AIM OF THE TASK: Retype each record exactly.

SUPPLIED DATA:
=== Section Start ===

Lemma is_lim_seq_normX_Tlam_c0 x : inX c0 x -> is_lim_seq (fun n => normX c0 (Tlam (mu n) x)) 0.
Proof.
  intros Hx. apply is_lim_seq_spec. intros eps. pose proof (cond_pos eps) as Heps.
  set (nx := normX c0 x).
  assert (Hcoord : forall j, Cmod (x j) <= nx) by (intros j; apply coord_le_normX; simpl; auto).
  pose proof Hx as Hx0. simpl in Hx0. apply is_lim_seq_spec in Hx0.
  destruct (Hx0 (mkposreal (eps / (2 * (B + 1))) ltac:(apply Rdiv_lt_0_compat; lra)))
    as [N1 HN1]. simpl in HN1.
  assert (Hex : is_lim_seq (fun n => e n * nx) 0).
  { replace (Finite 0) with (Rbar_mult 0 nx) by (simpl; f_equal; ring).
    apply is_lim_seq_scal_r, e_lim. }
  apply is_lim_seq_spec in Hex.
  destruct (Hex (mkposreal (eps / 2) ltac:(lra))) as [N2 HN2]. simpl in HN2.
  exists (max N1 N2). intros n Hn.
  assert (Hin : inX c0 (Tlam (mu n) x)) by (apply Tlam_inX; simpl; auto; exists B; auto).
  rewrite Rminus_0_r, Rabs_pos_eq by (apply normX_nonneg; simpl; auto).
  apply Rle_lt_trans with (eps / 2); [|lra].
  simpl. apply sup_le; [exists (Cmod (Tlam (mu n) x 0%nat)), 0%nat; reflexivity|].
  intros r [j ->]. unfold Tlam. rewrite Cmod_mult.
  pose proof (Cmod_ge_0 (mu n j)). pose proof (Cmod_ge_0 (x j)).
  destruct (le_lt_dec j n) as [Hjn|Hnj].
  - specialize (HN2 n ltac:(lia)). rewrite Rminus_0_r in HN2.
    apply Rabs_lt_between in HN2.
    assert (Cmod (mu n j) * Cmod (x j) <= e n * nx).
    { apply Rmult_le_compat; auto. }
    lra.
  - specialize (HN1 j ltac:(lia)). rewrite Rminus_0_r, Rabs_pos_eq in HN1 by lra.
    assert (Cmod (mu n j) * Cmod (x j) <= B * (eps / (2 * (B + 1)))).
    { apply Rmult_le_compat; auto. lra. }
    assert (B * (eps / (2 * (B + 1))) <= eps / 2).
    { apply Rmult_le_reg_r with (2 * (B + 1)); [lra|].
      field_simplify; [nra | lra]. }
    lra.
Qed.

=== Section End ===

WRITTEN SOLUTION:
Lemma is_lim_seq_normX_Tlam_c0 x : inX c0 x -> is_lim_seq (fun n => normX c0 (Tlam (mu n) x)) 0.
Proof.
  intros Hx. apply is_lim_seq_spec. intros eps. pose proof (cond_pos eps) as Heps.
  set (nx := normX c0 x).
  assert (Hcoord : forall j, Cmod (x j) <= nx) by (intros j; apply coord_le_normX; simpl; auto).
  pose proof Hx as Hx0. simpl in Hx0. apply is_lim_seq_spec in Hx0.
  destruct (Hx0 (mkposreal (eps / (2 * (B + 1))) ltac:(apply Rdiv_lt_0_compat; lra)))
    as [N1 HN1]. simpl in HN1.
  assert (Hex : is_lim_seq (fun n => e n * nx) 0).
  { replace (Finite 0) with (Rbar_mult 0 nx) by (simpl; f_equal; ring).
    apply is_lim_seq_scal_r, e_lim. }
  apply is_lim_seq_spec in Hex.
  destruct (Hex (mkposreal (eps / 2) ltac:(lra))) as [N2 HN2]. simpl in HN2.
  exists (max N1 N2). intros n Hn.
  assert (Hin : inX c0 (Tlam (mu n) x)) by (apply Tlam_inX; simpl; auto; exists B; auto).
  rewrite Rminus_0_r, Rabs_pos_eq by (apply normX_nonneg; simpl; auto).
  apply Rle_lt_trans with (eps / 2); [|lra].
  simpl. apply sup_le; [exists (Cmod (Tlam (mu n) x 0%nat)), 0%nat; reflexivity|].
  intros r [j ->]. unfold Tlam. rewrite Cmod_mult.
  pose proof (Cmod_ge_0 (mu n j)). pose proof (Cmod_ge_0 (x j)).
  destruct (le_lt_dec j n) as [Hjn|Hnj].
  - specialize (HN2 n ltac:(lia)). rewrite Rminus_0_r in HN2.
    apply Rabs_lt_between in HN2.
    assert (Cmod (mu n j) * Cmod (x j) <= e n * nx).
    { apply Rmult_le_compat; auto. }
    lra.
  - specialize (HN1 j ltac:(lia)). rewrite Rminus_0_r, Rabs_pos_eq in HN1 by lra.
    assert (Cmod (mu n j) * Cmod (x j) <= B * (eps / (2 * (B + 1)))).
    { apply Rmult_le_compat; auto. lra. }
    assert (B * (eps / (2 * (B + 1))) <= eps / 2).
    { apply Rmult_le_reg_r with (2 * (B + 1)); [lra|].
      field_simplify; [nra | lra]. }
    lra.
Qed.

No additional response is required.